*Data for this exercise*:
(* The cell is half-open, so [-y] need not lie in it, but [t y] and [-t y] do
   for [t < 1]; the choice [2 t nrm y = nrm y + theta] puts two points of the
   cell farther apart than [2 theta]. *)
Lemma nrm_le_theta (y : 'rV[R]_n) : (forall j, - (delta / 2) <= y 0 j < delta / 2) ->
  nrm y <= theta nrm delta.
Proof.
move=> y_in; have theta0 := theta_ge0; rewrite leNgt; apply/negP => theta_lt.
set a := nrm y in theta_lt; set b := theta nrm delta in theta_lt theta0.
have a_gt0 : 0 < a by apply: le_lt_trans theta_lt.
pose t := (a + b) / (2 * a).
have t_ge0 : 0 <= t by rewrite divr_ge0 ?mulr_ge0 //; lra.
have t_lt1 : t < 1 by rewrite ltr_pdivrMr ?mulr_gt0 // mul1r; lra.
have ta : t * a = (a + b) / 2 by rewrite /t; field; rewrite gt_eqF.
have ty_in : cell delta 0 (t *: y).
  by apply/cell0P => j; rewrite mxE; case/andP: (y_in j) => ? ?; apply/andP; split; nra.
have Nty_in : cell delta 0 (- (t *: y)).
  by apply/cell0P => j; rewrite !mxE; case/andP: (y_in j) => ? ?; apply/andP; split; nra.
have := sup_upper_bound has_sup_cell0_dists (ex_intro _ _ (ex_intro _ _
  (And3 ty_in Nty_in erefl))).
rewrite /dist opprK -scalerDl nrmZ ger0_norm ?addr_ge0 // mulrDl ta.
have -> : sup cell0_dists = 2 * b by rewrite /b theta_cell0_dists mulrA mulfV ?mul1r.
lra.
Qed.

Lemma round_coord (x : 'rV[R]_n) j :
  - (delta / 2) <= (x - latpt delta (round_idx delta x)) 0 j < delta / 2.
Proof.
rewrite !mxE; have := floor_itv (x 0 j / delta + 2^-1).
set f := Num.floor _; rewrite intrD => /andP[f_le lt_f1].
have -> : x 0 j = (x 0 j / delta) * delta by rewrite divfK // gt_eqF.
set u := x 0 j / delta in f_le lt_f1 *; set F := f%:~R in f_le lt_f1 *.
have e1 : 0 <= delta * (u + 2^-1 - F) by rewrite mulr_ge0 ?(ltW delta_gt0) // subr_ge0.
have e2 : 0 < delta * (F + 1 - (u + 2^-1)) by rewrite mulr_gt0 // subr_gt0.
by apply/andP; split; nra.
Qed.

Lemma nrm_round_le_theta (x : 'rV[R]_n) :
  nrm (x - latpt delta (round_idx delta x)) <= theta nrm delta.
Proof. exact/nrm_le_theta/round_coord. Qed.

End NormGeometry.

Lemma ereal_inf_le_geometric (R : realType) (U : Type) (B : set U) (f : U -> R)
    (T K L : R) : 0 <= L < 1 ->
  (forall j, exists2 u, B u & f u <= T + L ^+ j * K) ->
  (ereal_inf [set (f u)%:E | u in B] <= T%:E)%E.
Proof.
move=> /andP[L_ge0 L_lt1] near_T; apply/lee_addgt0Pr => e e_gt0.
have [j LjK_lt] : exists j, L ^+ j * K < e.
  have [K_le0|K_gt0] := lerP K 0.
    by exists 0%N; rewrite expr0 mul1r; apply: le_lt_trans K_le0 e_gt0.
  have /cvg_expr/cvgr0_norm_lt/(_ (e / K)) [|j0 _ Lj_lt] : `|L| < 1 by rewrite ger0_norm.
    by rewrite divr_gt0.
  exists j0; have := Lj_lt j0 (leqnn j0).
  by rewrite /= ger0_norm ?exprn_ge0 // ltr_pdivlMr.
have [u Bu fu_le] := near_T j.
apply: le_trans (ereal_inf_lbound _) _; first by exists u.
by rewrite lee_fin; lra.
Qed.
Definition representable (R : realType) (n : nat) (e : rel 'I_n)
  (pi : 'S_n) : Prop :=
  exists a : nat -> R,
    forall i j : 'I_n, (i < j)%N -> lincent e a (pi j) < lincent e a (pi i).

Definition Rratio (R : realType) (n : nat) (e : rel 'I_n) : R :=
  (#|[set pi : 'S_n | `[< representable R e pi >]]|)%:R / (n`!)%:R.

Definition Gp (n : nat) : rel 'I_n := fun i j =>
  [|| (((val i).+1 == val j) && (val i + 5 <= n))%N,
      ((val i == n - 4) && (val j == n - 3))%N,
      ((val i == n - 4) && (val j == n - 1))%N,
      ((val i == n - 1) && (val j == n - 2))%N,
      ((val i == n - 2) && (val j == n - 1))%N
    | ((1 <= val i) && (val j == 0))%N].

From HB Require Import structures.
From mathcomp Require Import all_boot all_order all_algebra all_fingroup.
From mathcomp Require Import all_classical all_reals all_analysis.
From mathcomp Require Import zify ring lra.
Set Implicit Arguments. Unset Strict Implicit. Unset Printing Implicit Defensive.
Import Order.TTheory GRing.Theory Num.Theory numFieldNormedType.Exports.
Local Open Scope ring_scope.

(* Write n = m + 4 and c = m + 3.  The centrality of a node x is
   f(x) = sum_j a_{d(j,x)}, and computing the distances shows that a -> f is
   triangular on the nodes other than c: for any targets V_0, ..., V_{m+2}
   there are coefficients a with f(x) = V_x for x <> c, and then f(c) is forced
   to be a convex combination of V_0, ..., V_{m+1} in which every weight is at
   least 1/n^2.  Hence c can be ranked anywhere except at the top two or bottom
   two places: if c has rank r in [2, m+1], give the nodes above c the values
   n^3 - rank and those below c the values -rank; the weight bound pins f(c)
   between the two groups.  A uniformly random permutation puts c at each rank
   with probability 1/n, so R(G'_n) >= 1 - 4/n. *)

Section ShortestWalks.
Variables (n : nat) (e : rel 'I_n) (d : 'I_n -> 'I_n -> nat).
Hypothesis d_refl : forall x, d x x = 0%N.
Hypothesis d_arc : forall x j z, e j z -> (d j x <= (d z x).+1)%N.
Hypothesis d_step : forall j x, j != x -> exists2 z, e j z & (d z x).+1 = d j x.

Lemma walk_dist_le k j x : walk e k j x -> (d j x <= k)%N.
Proof.
elim: k j => [|k IHk] j /=; first by move=> /eqP ->; rewrite d_refl.
by case/existsP=> z /andP[ejz /IHk le_dk]; exact: leq_trans (d_arc x ejz) _.
Qed.

Lemma walk_dist j x : walk e (d j x) j x.
Proof.
move Ek: (d j x) => k; elim: k j Ek => [|k IHk] j Ek /=.
  by case: (eqVneq j x) => // /d_step[z _ dz]; rewrite -dz in Ek.
have [z ejz dz] : exists2 z, e j z & (d z x).+1 = d j x.
  by apply: d_step; apply/eqP => eq_jx; move: Ek; rewrite eq_jx d_refl.
by apply/existsP; exists z; rewrite ejz IHk //; apply: succn_inj; rewrite dz Ek.
Qed.

Lemma dist_isE j x k : dist_is e j x k = (k == d j x).
Proof.
apply/andP/eqP => [[/walk_dist_le le_dk /forallP not_shorter] | ->].
  apply/eqP; rewrite eqn_leq le_dk andbT leqNgt; apply/negP => lt_dk.
  by have := not_shorter (Ordinal lt_dk); rewrite walk_dist.
split; first exact: walk_dist.
by apply/forallP => m; apply/negP => /walk_dist_le; rewrite leqNgt ltn_ord.
Qed.

Lemma lincent_dist (R : realType) (a : nat -> R) x :
  (forall j, d j x < n)%N -> lincent e a x = \sum_(j < n) a (d j x).
Proof.
move=> d_lt; rewrite /lincent.
rewrite [RHS](partition_big (fun j => Ordinal (d_lt j)) predT) //=.
apply: eq_bigr => k _; rewrite (eq_bigr (fun=> a k)) => [|j /eqP <- //].
rewrite sumr_const mulr_natl /dcount; congr (_ *+ _); apply: eq_card => j.
by rewrite inE dist_isE eq_sym.
Qed.

End ShortestWalks.

(* In G'_(m+4) the nodes 0, ..., m form a path leaving 0, the arcs from m lead
   to m+1 and m+3, and m+2, m+3 form a 2-cycle; [gp_depth m x] is d(0, x).
   Since every j >= 1 has an arc to 0, a shortest walk from j to x either runs
   along the path (when j <= m precedes x) or goes through 0, except inside
   the 2-cycle. *)
Definition gp_depth (m x : nat) : nat := (if x == m.+2 then m.+2 else minn x m.+1)%N.

Definition gp_dist (m j x : nat) : nat :=
  (if j == x then 0
   else if (m.+2 <= j) && (m.+2 <= x) then 1
   else if (j <= m) && (j <= gp_depth m x) then gp_depth m x - j
   else (gp_depth m x).+1)%N.

Definition gp_next (m j x : nat) : nat :=
  (if (m.+2 <= j) && (m.+2 <= x) then x
   else if (j <= m) && (j <= gp_depth m x) then
     (if j < m then j.+1 else if x == m.+1 then m.+1 else m.+3)
   else 0)%N.

Ltac case_ifs := repeat (let h := fresh in case: ifP => h; rewrite ?h /=; move: h).
Ltac gp_dist_lia := rewrite /gp_dist /gp_depth; case_ifs; lia.

Section GpDistance.
Local Open Scope nat_scope.

Variable m : nat.
Local Notation n := m.+4.

Lemma gp_dist_lt j x : gp_dist m j x < n.
Proof. by gp_dist_lia. Qed.

Lemma gp_dist_arc (x j z : 'I_n) : Gp j z -> gp_dist m j x <= (gp_dist m z x).+1.
Proof.
by move: (ltn_ord j) (ltn_ord z) (ltn_ord x); rewrite /Gp /=; gp_dist_lia.
Qed.

Lemma gp_dist_step (j x : 'I_n) :
  j != x -> exists2 z : 'I_n, Gp j z & (gp_dist m z x).+1 = gp_dist m j x.
Proof.
move: (ltn_ord j) (ltn_ord x); rewrite -val_eqE => lt_jn lt_xn neq_jx.
have lt_next : gp_next m j x < n by rewrite /gp_next /gp_depth; case_ifs; lia.
exists (Ordinal lt_next); move: neq_jx; rewrite /Gp /= /gp_next /gp_depth;
  case_ifs; gp_dist_lia.
Qed.

End GpDistance.

Lemma lincent_Gp (R : realType) m (a : nat -> R) (x : 'I_m.+4) :
  lincent (@Gp m.+4) a x = \sum_(j < m.+4) a (gp_dist m j x).
Proof.
apply: (@lincent_dist _ _ (fun j y : 'I_m.+4 => gp_dist m j y)) => [y|y j z|j y|j].
- by rewrite /gp_dist eqxx.
- exact: gp_dist_arc.
- exact: gp_dist_step.
- exact: gp_dist_lt.
Qed.

Section Columns.
Variables (R : realType) (m : nat) (a : nat -> R).
Local Notation col x := (\sum_(j < m.+4) a (gp_dist m j x)).

Lemma sum_rev_shift N s : \sum_(j < N) a (N + s - j)%N = \sum_(j < N) a (j.+1 + s)%N.
Proof.
rewrite (reindex_inj rev_ord_inj) /=; apply: eq_bigr => j _.
by congr a; have := ltn_ord j; lia.
Qed.

Lemma gp_column_low x : (x <= m)%N ->
  col x = \sum_(k < x.+1) a k + (m.+3 - x)%:R * a x.+1.
Proof.
move=> le_xm; rewrite -(big_mkord xpredT (fun j => a (gp_dist m j x))).
rewrite (@big_cat_nat _ _ _ x.+1) //=; last by lia.
congr (_ + _).
  rewrite big_nat_rev -(big_mkord xpredT a) /=.
  by apply: eq_big_nat => j /andP[_ lt_jx]; congr a; gp_dist_lia.
rewrite (eq_big_nat _ _ (F2 := fun=> a x.+1)) => [|j /andP[lt_xj lt_jn]].
  by rewrite sumr_const_nat mulr_natl; congr (_ *+ _); lia.
by congr a; gp_dist_lia.
Qed.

*Work required*:
Beginning with the line that has "Lemma lincent_Gp (R" and ending with the line that has "Local Notation col", set down the lines above exactly and include no others.

*Answer*:
Lemma lincent_Gp (R : realType) m (a : nat -> R) (x : 'I_m.+4) :
  lincent (@Gp m.+4) a x = \sum_(j < m.+4) a (gp_dist m j x).
Proof.
apply: (@lincent_dist _ _ (fun j y : 'I_m.+4 => gp_dist m j y)) => [y|y j z|j y|j].
- by rewrite /gp_dist eqxx.
- exact: gp_dist_arc.
- exact: gp_dist_step.
- exact: gp_dist_lt.
Qed.

Section Columns.
Variables (R : realType) (m : nat) (a : nat -> R).
Local Notation col x := (\sum_(j < m.+4) a (gp_dist m j x)).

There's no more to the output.